▶ WHAT IS NEEDED: The answer must consist of every line below containing "mulrCA".

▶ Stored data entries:
Theorem lemma9 (R : rcfType) (d r : nat) (w : 'I_r -> 'rV[R]_(r - 1))
  (c : 'I_(Ndim d r).+1 -> 'rV[R]_d) (psi nu : 'rV[R]_(Ndim d r)) :
  regular_simplex0 w ->
  injective c ->
  suff_general_position w c ->
  psi != 0 -> nu != 0 ->
  generic_ray w c psi -> generic_ray w c nu ->
  degC w c psi = degC w c nu.
Proof.
move=> _ _ gp psi0 nu0 psi_gen nu_gen.
pose I := ({ffun 'I_(Ndim d r).+1 -> 'I_r} * 'I_(Ndim d r) +
  {ffun 'I_(Ndim d r).+1 -> 'I_r} * 'I_(Ndim d r) * 'I_(Ndim d r) * bool)%type.
pose b (x : I) := match x with
  | inl (f, j) => coordcol w c f j
  | inr (f, j, k, e) => pair_col w c (if e then psi else nu) f j k end.
have [u u_avoid] := exists_row_avoiding b.
have u_coord f j : inbR f -> bary w c f u 0 j != 0.
  by move=> Hf; rewrite bary_coordcol (u_avoid (inl (f, j))) ?coordcol_neq0.
have u_pair e f j k := u_avoid (inr (f, j, k, e)).
by rewrite (degC_path gp psi0 psi_gen u_coord (u_pair true))
  (degC_path gp nu0 nu_gen u_coord (u_pair false)).
Qed.
Lemma nabla_const (c : R) : nabla tstar (fun _ : 'I_T => c) = 0.
Proof.
have post : \sum_(t < T | (tstar <= t)%N) c = c * (T - tstar)%:R.
  rewrite (eq_bigl (fun t : 'I_T => predT t && (tstar <= t)%N)) //.
  by rewrite -(@big_geq_mkord _ _ _ tstar T predT (fun _ => c)) sumr_const_nat mulr_natr.
have pre : \sum_(t < T | (t < tstar)%N) c = c * tstar%:R.
  by rewrite -(big_ord_widen _ (fun _ => c) (ltnW tstar_ltT)) sumr_const card_ord mulr_natr.
have post_ne0 : (T - tstar)%:R != 0 :> R by rewrite pnatr_eq0 subn_eq0 -ltnNge.
have pre_ne0 : tstar%:R != 0 :> R by rewrite pnatr_eq0 -lt0n.
rewrite /nabla post pre mulrCA mulVf // mulr1.
by rewrite mulrCA mulVf // mulr1 subrr.
Qed.

Lemma nabla_post (f : 'I_T -> R) :
  nabla tstar (fun t => if (tstar <= t)%N then f t else 0) =
  (T - tstar)%:R^-1 * \sum_(t < T | (tstar <= t)%N) f t.
Proof.
rewrite /nabla (big1 _ (fun t : 'I_T => (t < tstar)%N)) ?mulr0 ?subr0.
  by congr (_ * _); apply: eq_bigr => t ->.
by move=> t; rewrite ltnNge => /negbTE ->.
Qed.
End Nabla.

Section SampleMean.
Variables (R : realType) (n : nat).
Lemma mean_add (f g : 'I_n -> R) :
  n%:R^-1 * \sum_(i < n) (f i + g i) =
  n%:R^-1 * \sum_(i < n) f i + n%:R^-1 * \sum_(i < n) g i.
Proof. by rewrite big_split mulrDr. Qed.

Hypothesis n_gt0 : (0 < n)%N.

▶ COMPLETED EXERCISE:
rewrite /nabla post pre mulrCA mulVf // mulr1.
by rewrite mulrCA mulVf // mulr1 subrr.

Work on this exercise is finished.